O abuso nem sempre acaba com o fim do relacionamento abusivo. Muitas mulheres, mesmo após o término, continuam lidando com o abuso, mas em outro cenário: o da justiça. É comum que algumas questões só possam ser resolvidas judicialmente, como no caso de mulheres casadas e com filhos que necessitam do divórcio litigioso, bem como a definição da guarda e da pensão.
Quando o relacionamento abusivo acaba, o abusador começa a perder o poder e o controle que ele tinha sobre a vítima, perdendo, também, os seus inúmeros privilégios (a vida de luxo do abusador que sempre comentamos!).
Nesse término, o abusador usará de todas as ferramentas para recuperar o poder, os privilégios e manter a vítima no ciclo da violência, e não é raro que ele use o processo judicial como instrumento de abuso e tortura psicológica, com a intenção de que a vítima desista de seus pedidos e abra mão de seus direitos.
A litigância abusiva
Litigância abusiva, ou litigância de má-fé, é o nome dado a todo tipo de prática ou estratégia utilizada durante um processo judicial como forma de abuso. Pode acontecer em qualquer tipo de caso e com qualquer pessoa, mas é muito comum que as vítimas sejam mulheres em processos de família com histórico de relacionamento abusivo.
Como a litigância abusiva pode aparecer?
O abuso praticado dentro do processo judicial pode aparecer de várias formas. Alguns abusadores, por meio de seus advogados, adotam a estratégia de xingar, humilhar, ofender a parte contrária para tentar convencer o(a) juiz(a) de que ela não tem ou não deve ter determinado direito.
Com isso, muitas mulheres, que acreditavam estarem livres do abuso após o término, se veem exaustas, sendo sugadas novamente para o ciclo da violência, e, em alguns casos, passam a cogitar reatar o casamento, por exemplo, ou abrir mão de direitos, especialmente aqueles relativos aos bens.
Também não é raro vermos pais que nunca foram verdadeiramente presentes na vida dos filhos brigarem pela guarda das crianças, usando de ofensas, humilhações e até mesmo falsas acusações de alienação parental* contra a mãe, chamando-a de “louca” e “vingativa”, com a única intenção de atingi-la.
Fica claro, nesses casos, que a pessoa que abusa não tem qualquer interesse no bem estar dos filhos e filhas, mas apenas em gerar sofrimento para a mulher e recuperar o poder que tinha sobre ela durante o relacionamento.
Outros pais mentem sobre sua real condição financeira, ocultando rendimentos para alegar que podem contribuir com um baixo valor a título de pensão alimentícia para os filhos. Com isso, a criança, que poderia ter mais qualidade de vida, não tem essa possibilidade, e a mãe fica sobrecarregada, seja porque precisa trabalhar mais para arcar com todas as despesas familiares, seja em razão do sofrimento gerado pela dificuldade financeira.

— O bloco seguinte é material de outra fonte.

(* For every non-negative integer $m$ and positive integer $n$, $$\sum_{k=1}^n\frac{H_{n-k}(m)}{k(k+1)}=H_n(m)+H_n(m+1)-H_{n+1}(m+1).$$ In particular, $\sum_{k=1}^n\frac{H_{n-k}}{k(k+1)}=H_n+H_n^2-H_n^{(2)}-H_{n+1}^2+H_{n+1}^{(2)}$.
   Context: For integers $m\ge 1$, $n\ge 0$, the multiple harmonic-like numbers are $H_n(m)=\sum_{1\le k_1+k_2+\cdots+k_m\le n}\frac{1}{k_1k_2\cdots k_m}$ (sum over positive integers $k_1,\dots,k_m$), with $H_n(0)=1$ for $n\ge 0$ and $H_0(m)=0$ for $m\ge1$. $H_n=H_n(1)=\sum_{k=1}^n\frac1k$, $H_n^{(2)}=\sum_{k=1}^n\frac1{k^2}$. *)

From mathcomp Require Import all_boot all_order all_algebra.
Set Implicit Arguments. Unset Strict Implicit. Unset Printing Implicit Defensive.
Import Order.TTheory GRing.Theory Num.Theory.
Local Open Scope ring_scope.

(* Each k_i <= n, so tuples are finite functions
   'I_m -> 'I_n.+1.  Convention: H_n(0) = 1 (for m >= 1, n = 0 the sum is
   empty, hence H_0(m) = 0 automatically). *)
Definition Hm (n m : nat) : rat :=
  if m == 0%N then 1 else
  \sum_(k : {ffun 'I_m -> 'I_n.+1} |
          [forall i, (0 < k i)%N] && (\sum_i (k i : nat) <= n)%N)
     \prod_i ((k i : nat)%:R)^-1.

Definition harm (n : nat) : rat := \sum_(1 <= k < n.+1) (k%:R)^-1.
Definition harm2 (n : nat) : rat := \sum_(1 <= k < n.+1) ((k%:R) ^+ 2)^-1.

(** Writing [H_n(m+1)] by its first coordinate gives the recursion
    [H_n(m+1) = sum_{k=1}^n H_{n-k}(m) / k].  Applied at [n+1] and compared with
    the telescoping [1/(k(k+1)) = 1/k - 1/(k+1)], it yields the identity.  The
    special case follows from [H_n(1) = H_n] and [H_n(2) = H_n^2 - H_n^(2)], the
    latter by induction on [n] using [sum_{k=1}^n 1/(k(n+1-k)) = 2 H_n/(n+1)]. *)

From mathcomp Require Import all_boot all_order all_algebra.
From mathcomp Require Import zify ring.
Import Order.TTheory GRing.Theory Num.Theory.
Local Open Scope ring_scope.

Definition Hbox (N n m : nat) : rat :=
  \sum_(f : {ffun 'I_m -> 'I_N} |
          [forall i, (0 < f i)%N] && (\sum_i (f i : nat) <= n)%N)
     \prod_i ((f i : nat)%:R)^-1.

Definition ffun_cons N m (p : 'I_N * {ffun 'I_m -> 'I_N}) :
    {ffun 'I_m.+1 -> 'I_N} :=
  [ffun i => if unlift ord0 i is Some j then p.2 j else p.1].
Arguments ffun_cons {N m}.

Lemma ffun_cons0 N m (p : _ * {ffun _ -> _}) : @ffun_cons N m p ord0 = p.1.
Proof. by rewrite ffunE unlift_none. Qed.

Lemma ffun_consS N m (p : _ * {ffun _ -> _}) j :
  @ffun_cons N m p (lift ord0 j) = p.2 j.
Proof. by rewrite ffunE liftK. Qed.

Lemma bij_ffun_cons N m : bijective (@ffun_cons N m).
Proof.
exists (fun f : {ffun 'I_m.+1 -> 'I_N} => (f ord0, [ffun j => f (lift ord0 j)]))
  => [[a g]|f].
  by rewrite ffun_cons0; congr pair; apply/ffunP => j; rewrite ffunE ffun_consS.
apply/ffunP => i; rewrite ffunE.
by case: unliftP => [j ->|->] //=; rewrite ffunE.
Qed.

Lemma Hbox0 N n : Hbox N n 0 = 1.
Proof.
rewrite /Hbox (big_pred1 (ffun0 (card_ord 0) : {ffun 'I_0 -> 'I_N})).
  by rewrite big_ord0.
move=> f /=; apply/andP/eqP => [_|_]; first by apply/ffunP => -[].
by split; [apply/forallP => -[] | rewrite big_ord0].
Qed.

Lemma Hbox_cons_cond N m (a : 'I_N) (g : {ffun 'I_m -> 'I_N}) n :
  [forall i, (0 < ffun_cons (a, g) i)%N]
    && (\sum_i (ffun_cons (a, g) i : nat) <= n)%N
  = (0 < a <= n)%N
    && ([forall i, (0 < g i)%N] && (\sum_i (g i : nat) <= n - a)%N).
Proof.
rewrite big_ord_recl ffun_cons0.
rewrite (eq_bigr (fun j => (g j : nat))) => [|j _]; last by rewrite ffun_consS.
have -> : [forall i, (0 < ffun_cons (a, g) i)%N]
          = (0 < a)%N && [forall j, (0 < g j)%N].
  apply/forallP/andP => [pos|[a_gt0 /forallP g_pos] i].
    split; first by have := pos ord0; rewrite ffun_cons0.
    by apply/forallP => j; have := pos (lift ord0 j); rewrite ffun_consS.
  by case: (unliftP ord0 i) => [j ->|->]; rewrite ?ffun_consS ?ffun_cons0.
by case: (0 < a)%N; case: [forall j, (0 < g j)%N] => //=; apply/idP/idP; lia.
Qed.

Lemma Hbox_recS N n m :
  Hbox N n m.+1 = \sum_(a < N | (0 < a <= n)%N) (a%:R)^-1 * Hbox N (n - a) m.
Proof.
rewrite /Hbox (reindex _ (onW_bij _ (bij_ffun_cons N m))).
under eq_bigl do rewrite Hbox_cons_cond.
rewrite (eq_bigr (fun p : 'I_N * {ffun 'I_m -> 'I_N} =>
  ((p.1 : nat)%:R)^-1 * \prod_i ((p.2 i : nat)%:R)^-1)) => [|[a g] _]; last first.
  by rewrite big_ord_recl ffun_cons0; congr (_ * _); apply: eq_bigr => j _;
     rewrite ffun_consS.
rewrite -(pair_big_dep (fun a : 'I_N => (0 < a <= n)%N)
  (fun a (g : {ffun 'I_m -> 'I_N}) =>
     [forall i, (0 < g i)%N] && (\sum_i (g i : nat) <= n - a)%N)
  (fun (a : 'I_N) (g : {ffun 'I_m -> 'I_N}) =>
     ((a : nat)%:R)^-1 * \prod_i ((g i : nat)%:R)^-1)) /=.
by apply: eq_bigr => a _; rewrite mulr_sumr.
Qed.

Lemma Hbox_recS_nat N n m : (n < N)%N ->
  Hbox N n m.+1 = \sum_(1 <= k < n.+1) (k%:R)^-1 * Hbox N (n - k) m.
Proof.
move=> ltnN; rewrite Hbox_recS.
rewrite -(big_mkord (fun k => 0 < k <= n)%N (fun k => (k%:R)^-1 * Hbox N (n - k) m)).
rewrite (big_cat_nat _ (n := n.+1)) //= [X in _ + X]big1_seq ?addr0; last first.
  by move=> k /andP[/andP[_ le_kn] /[!mem_iota]/andP[le_nk _]]; lia.
rewrite big_ltn_cond //= big_nat_cond [RHS]big_nat_cond.
by apply: eq_bigl => k; rewrite andbT; lia.
Qed.

Lemma Hm_Hbox N n m : (n < N)%N -> Hm n m = Hbox N n m.
Proof.
elim: m N n => [|m IHm] N n ltnN; first by rewrite Hbox0.
rewrite [LHS]/Hm /= -/(Hbox n.+1 n m.+1) !Hbox_recS_nat //.
apply: eq_big_nat => k _; rewrite -!IHm //; lia.
Qed.

Lemma HmS n m : Hm n m.+1 = \sum_(1 <= k < n.+1) (k%:R)^-1 * Hm (n - k) m.
Proof.
rewrite (Hm_Hbox _ _ m.+1 (ltnSn n)) Hbox_recS_nat //.
by apply: eq_big_nat => k _; rewrite -Hm_Hbox //; lia.
Qed.

Lemma sum_Hm_div_consecutive n m :
  \sum_(1 <= k < n.+1) Hm (n - k) m / ((k * k.+1)%N)%:R
    = Hm n m + Hm n m.+1 - Hm n.+1 m.+1.
Proof.
have -> : Hm n.+1 m.+1
          = Hm n m + \sum_(1 <= k < n.+1) (k.+1%:R)^-1 * Hm (n - k) m.
  by rewrite HmS big_nat_recl // subn1 /= invr1 mul1r.
rewrite HmS (eq_big_nat _ _ (F2 := fun k =>
   (k%:R)^-1 * Hm (n - k) m - (k.+1%:R)^-1 * Hm (n - k) m)); last first.
  move=> k /andP[k_gt0 _]; rewrite natrM.
  have k_neq0 : (k%:R : rat) != 0 by rewrite pnatr_eq0 -lt0n.
  have k1_neq0 : (k.+1%:R : rat) != 0 by rewrite pnatr_eq0.
  by field; rewrite addrC natr1 k1_neq0 k_neq0.
by rewrite big_split /= sumrN; ring.
Qed.

Lemma harmS n : harm n.+1 = harm n + (n.+1%:R)^-1.
Proof. by rewrite /harm big_nat_recr. Qed.

Lemma harm2S n : harm2 n.+1 = harm2 n + ((n.+1%:R) ^+ 2)^-1.
Proof. by rewrite /harm2 big_nat_recr. Qed.

Lemma Hm1 n : Hm n 1 = harm n.
Proof. by rewrite HmS; apply: eq_bigr => k _; rewrite mulr1. Qed.

Lemma sum_harm_rev n :
  \sum_(1 <= k < n.+1) ((n.+1 - k)%:R : rat)^-1 = harm n.
Proof.
by rewrite /harm big_nat_rev; apply: eq_big_nat => k ?; congr (_%:R^-1); lia.
Qed.

Lemma sum_inv_mul_inv_complement n :
  \sum_(1 <= k < n.+1) (k%:R)^-1 * ((n.+1 - k)%:R)^-1
    = 2 * harm n / n.+1%:R :> rat.
Proof.
(* 1/(k(n+1-k)) = (1/k + 1/(n+1-k)) / (n+1), and both halves sum to [harm n] *)
rewrite mulr_natl mulr2n -{2}sum_harm_rev /harm -big_split mulr_suml /=.
apply: eq_big_nat => k /andP[k_gt0 le_kn].
have -> : (n.+1%:R : rat) = k%:R + (n.+1 - k)%:R.
  by rewrite -natrD; congr (_%:R); lia.
have k_neq0 : (k%:R : rat) != 0 by rewrite pnatr_eq0 -lt0n.
have nk_neq0 : ((n.+1 - k)%:R : rat) != 0 by rewrite pnatr_eq0; lia.
have sum_neq0 : (k%:R + (n.+1 - k)%:R : rat) != 0 by rewrite -natrD pnatr_eq0; lia.
by field; rewrite sum_neq0 k_neq0 nk_neq0.
Qed.

Lemma Hm2 n : Hm n 2 = harm n ^+ 2 - harm2 n.
Proof.
elim: n => [|n IHn].
  by rewrite HmS /harm /harm2 !big_geq // expr0n subr0.
have HmS2 : Hm n.+1 2
            = Hm n 2 + \sum_(1 <= k < n.+1) (k%:R)^-1 * ((n.+1 - k)%:R)^-1.
  have Hm01 : Hm 0 1 = 0 by rewrite HmS big_geq.
  rewrite !HmS big_nat_recr //= subnn Hm01 mulr0 addr0 -big_split /=.
  apply: eq_big_nat => k /andP[_ le_kn].
  rewrite !Hm1 -mulrDr; congr (_ * _).
  have -> : (n.+1 - k = (n - k).+1)%N by lia.
  by rewrite harmS.
rewrite HmS2 sum_inv_mul_inv_complement IHn harmS harm2S -exprVn.
by field; rewrite addrC natr1 pnatr_eq0.
Qed.

Theorem theorem8 :
  (forall (m n : nat), (0 < n)%N ->
     \sum_(1 <= k < n.+1) Hm (n - k) m / ((k * k.+1)%N)%:R
     = Hm n m + Hm n m.+1 - Hm n.+1 m.+1)
  /\
  (forall n : nat, (0 < n)%N ->
     \sum_(1 <= k < n.+1) harm (n - k) / ((k * k.+1)%N)%:R
     = harm n + harm n ^+ 2 - harm2 n - harm n.+1 ^+ 2 + harm2 n.+1).
Proof.
split=> [m n _|n _]; first exact: sum_Hm_div_consecutive.
under eq_bigr do rewrite -Hm1.
by rewrite sum_Hm_div_consecutive Hm1 !Hm2; ring.
Qed.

A apresentação de diversos recursos sem fundamento, ou o ajuizamento de várias ações, também sem fundamento contra a ex-mulher, são estratégias de litigância abusiva, pois, em geral, visam atrasar o andamento do processo, protelar a decisão final e manter a vítima presa a dezenas de procedimentos judiciais durante anos. Esses são alguns exemplos, mas a litigância abusiva pode aparecer de diversas formas.
Sabemos que passar por um processo judicial é desgastante e pode gerar sofrimento, mas é preciso estar alerta se esse processo passa a ser usado como um instrumento de violência. Também não podemos ignorar que a litigância abusiva só existe porque a pessoa que abusa tem – ou é – um advogado que também abusa. Isso porque, num processo judicial, só é possível se manifestar por meio de advogado(a); logo, as estratégias de humilhação, ofensas, inverdades etc. são colocadas em prática pelo representante da pessoa que abusa.
Abuso psicológico e financeiro são consequências da litigância abusiva
Não é difícil imaginar o quanto a litigância abusiva pode afetar a vítima.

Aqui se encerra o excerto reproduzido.